3.3. Dairy Industry Coagulation Processes

Phosphorylation is equally important in the dairy industry, particularly for coagulation processes. Calcium-sensitive caseins (αs1, αs2, and β) rely on their phosphate groups to interact with calcium ions, which is essential for coagulation during cheese production and other dairy formulations [24]. Without proper phosphorylation, these caseins would not interact efficiently with calcium, resulting in poor curd formation and subsequently affecting the product yield and quality [25].

3.4. Biomedical Applications

Beyond food applications, phosphorylated caseins have gained attention in biomedical fields, including drug delivery systems and tissue engineering, due to their biocompatibility and functional versatility. By leveraging casein’s structural flexibility, molecular chaperone capabilities, and interaction with minerals, new nanosystems can be developed for controlled and sustained drug release. Additionally, the functional attributes of casein-based nanosystems, such as their capacity to respond to specific environmental conditions (e.g., pH and temperature), allow for precision in therapeutic applications, including the treatment of iron deficiency anemia and neurodegenerative diseases [26,27]. As researchers continue to explore these cutting-edge applications, phosphorylation groups in casein are integral to optimizing its efficacy in emerging biomedical technologies.

3.5. Bioactive Peptides in Digestion

Phosphorylated caseins serve as precursors to bioactive phosphopeptides released during digestion. These phosphopeptides exhibit diverse physiological activities, including antimicrobial, antihypertensive, and immunomodulatory effects.
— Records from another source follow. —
Lemma prime_ring_mul_eq0 (A : nzRingType) (a b : A) :
  prime_ring A -> (forall c, a * c * b = 0) -> a = 0 \/ b = 0.
Proof.
(* Apply primeness to the ideals J := {v | a A v = 0} and I := {u | u A J = 0}. *)
move=> A_prime aAb.
pose J v := forall c, a * c * v = 0.
pose I u := forall c v, J v -> u * c * v = 0.
have I_ideal : is_ideal I.
  have I_sub : is_addsubgroup I.
    split=> [c v _|u1 u2 Iu1 Iu2 c v Jv]; first by rewrite !mul0r.
    by rewrite !mulrBl Iu1 ?Iu2 ?subrr.
  split; split=> // u r Iu c v Jv; first by rewrite -(mulrA u r c) Iu.
  by rewrite -(mulrA r u c) -(mulrA r) Iu ?mulr0.
have J_ideal : is_ideal J.
  have J_sub : is_addsubgroup J.
    split=> [c|v1 v2 Jv1 Jv2 c]; first by rewrite mulr0.
    by rewrite mulrBr Jv1 Jv2 subrr.
  split; split=> // v r Jv c; first by rewrite mulrA Jv mul0r.
  by rewrite mulrA -(mulrA a) Jv.
have IJ u v : I u -> J v -> u * v = 0 by move=> Iu Jv; rewrite -[u]mulr1 Iu.
case: (A_prime I J I_ideal J_ideal IJ) => [I0|J0]; [left|right].
  by apply: I0 => c v; apply.
exact: J0.
Qed.

Lemma prime_ring_essential (A R : nzRingType) (f : {rmorphism A -> R}) :
  injective f ->
  (forall J, is_ideal J -> nonzero_set J -> exists a, a != 0 /\ J (f a)) ->
  prime_ring A -> prime_ring R.
Proof.
move=> f_inj f_meets A_prime I J I_ideal J_ideal IJ.
have meet (K : set R) : is_ideal K -> ~ (forall k, K k -> k = 0) ->
    exists a, a != 0 /\ K (f a).
  move=> K_ideal K_neq0; apply: f_meets => //; apply: contrapT => K0.
  by apply: K_neq0 => k Kk; apply: contrapT => /eqP k_neq0; apply: K0; exists k.
have [I0|/(meet _ I_ideal)[a [a_neq0 Ia]]] := pselect (forall i, I i -> i = 0).
  by left.
right; apply: contrapT => /(meet _ J_ideal)[b [b_neq0 Jb]].
have [[_ Ir] _] := I_ideal.
have aAb c : a * c * b = 0.
  by apply: f_inj; rewrite !rmorphM rmorph0 IJ //; exact: Ir.
by case: (prime_ring_mul_eq0 A_prime aAb) => ab0; [move: a_neq0 | move: b_neq0];
  rewrite ab0 eqxx.
Qed.

Lemma essential_extension (A S : nzRingType) (emb : {rmorphism A -> S}) :
  injective emb -> countable_type S -> vnr S -> prime_ring A ->
  exists (R : nzRingType) (f : {rmorphism A -> R}),
    [/\ countable_type R, prime_ring R, vnr R, injective f &
        forall J : R -> Prop, is_ideal J -> nonzero_set J ->
          exists a : A, a != 0 /\ J (f a)].
Proof.
move=> emb_inj S_countable S_vnr A_prime.
have zero_avoids : avoids_image emb [set 0].
  split=> [|a]; last by rewrite -(rmorph0 emb) => /emb_inj.
  have zero_sub : is_addsubgroup [set 0 : S] by split=> // _ _ -> ->; rewrite subr0.
  by split; split=> // _ r ->; rewrite ?mul0r ?mulr0.
have [|M [M_avoids M_max]] := Zorn_bigcup_nonempty _ (@avoids_image_bigcup _ _ emb).
  by exists [set 0].
exists (essential_quot M_avoids), (essential_emb M_avoids); split.
- exact: essential_quot_countable.
- apply: prime_ring_essential A_prime; first exact: essential_emb_inj.
  exact: essential_quot_meets.
- exact: essential_quot_vnr.
- exact: essential_emb_inj.
- exact: essential_quot_meets.
Qed.

Lemma Q_or_Zp_countable (F : fieldType) : Q_or_Zp F -> countable_type F.
Proof.
case=> [[f [g _ fgK]]|[p [_ [f [g _ fgK]]]]];
  by exists (fun c => pickle (g c)) => c d /(pcan_inj pickleK_inv) /(can_inj fgK).
Qed.

Section HullEmbedding.
Variables (F : fieldType) (A : algType F) (x y : A).
Hypothesis gen_xy : generated_by2 x y.

Definition endo_pinv (f : endo A) : endo A := sval (cid (endo_regular f)).

Lemma endo_pinvP f : f * endo_pinv f * f = f.
Proof. exact: svalP (cid (endo_regular f)). Qed.

Definition lmul_gen (g : bool + F) : endo A :=
  match g with inl b => lmul (if b then x else y) | inr c => lmul c%:A end.

Local Notation hull := (vnr_hull lmul_gen endo_pinv).

Lemma lmul_in_hull a : lmul a \in vnr_hull_pred lmul_gen endo_pinv.
Proof.
pose S : {pred A} := [pred a | lmul a \in vnr_hull_pred lmul_gen endo_pinv].
have S_subalg : subalg_closed S.
  have memS u : (u \in S) = (lmul u \in vnr_hull_pred lmul_gen endo_pinv) by [].
  split=> [|c u v|u v]; rewrite !memS ?rmorph1 ?rpred1 // => Su Sv.
    by rewrite raddfD /= lmulZ rpredD ?rpredM // (hull_gen _ _ (inr c)).
  by rewrite rmorphM rpredM.
apply: (gen_xy S_subalg).
  exact: (hull_gen _ _ (inl true)).
exact: (hull_gen _ _ (inl false)).
Qed.

Definition hull_lmul (a : A) : hull := Sub (lmul a) (lmul_in_hull a).

Lemma hull_lmul_is_zmod_morphism : zmod_morphism hull_lmul.
Proof. by move=> a b; apply: val_inj; rewrite /= raddfB. Qed.

Lemma hull_lmul_is_monoid_morphism : monoid_morphism hull_lmul.
Proof. by split=> [|a b]; apply: val_inj; rewrite /= ?rmorph1 ?rmorphM. Qed.

HB.instance Definition _ := GRing.isZmodMorphism.Build A hull hull_lmul
  hull_lmul_is_zmod_morphism.
HB.instance Definition _ := GRing.isMonoidMorphism.Build A hull hull_lmul
  hull_lmul_is_monoid_morphism.

Lemma hull_lmul_inj : injective hull_lmul.
Proof. by move=> a b /(congr1 val) /lmul_inj. Qed.

Lemma hull_countable : countable_type F -> countable_type hull.
Proof.
move=> [code code_inj]; apply: vnr_hull_countable.
exists (fun g => pickle (match g with inl b => inl b | inr c => inr (code c) end)).
by move=> [b|c] [b'|c'] /(pcan_inj pickleK_inv) // [] => [->|/code_inj ->].
Qed.

End HullEmbedding.

Theorem mainTheorem9 (F : fieldType) (A : algType F) (x y : A) :
  Q_or_Zp F ->
  prime_ring A ->
  generated_by2 x y ->
  principally_nilpotent x ->
  principally_nilpotent y ->
  minimal_non_nilpotent (x + y) ->
  same_set (sum_right_ideal x y) (@jacobson A) ->
  is_max_right_ideal (sum_right_ideal x y) ->
  (forall M : A -> Prop, is_max_right_ideal M -> same_set M (sum_right_ideal x y)) ->
  is_max_left_ideal (sum_right_ideal x y) ->
  (forall M : A -> Prop, is_max_left_ideal M -> same_set M (sum_right_ideal x y)) ->
  exists (R : nzRingType) (f : {rmorphism A -> R}),
    [/\ countable_type R, prime_ring R, vnr R, injective f &
        forall J : R -> Prop, is_ideal J -> nonzero_set J ->
          exists a : A, a != 0 /\ J (f a)].
Proof.
move=> F_QZp A_prime gen_xy _ _ _ _ _ _ _ _.
apply: (@essential_extension _ _ (hull_lmul gen_xy)) => //.
- exact: hull_lmul_inj.
- exact/hull_countable/Q_or_Zp_countable.
- exact/vnr_hull_vnr/endo_pinvP.
Qed.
Phosphorylation plays a crucial role in enabling these peptides to bind minerals, resist premature degradation, and be effectively released during gastrointestinal digestion, thereby contributing to the health benefits associated with milk and dairy product consumption [28,29]. Casein-derived phosphopeptides, also known as casein phosphopeptides (CPPs), are particularly noted for their ability to enhance the absorption of minerals such as calcium, iron, and zinc, owing to their phosphate residues and strong chelating capacity. This mineral-binding ability varies depending on whether CPPs are released from αs1-, αs2-, or β-casein subunits, and their physicochemical properties—including stability at acidic pH and high solubility—make them attractive for nutritional delivery applications. By chelating essential minerals, CPPs contribute to improved bioavailability and further emphasize the nutritional significance of phosphorylated caseins in the diet [30,31].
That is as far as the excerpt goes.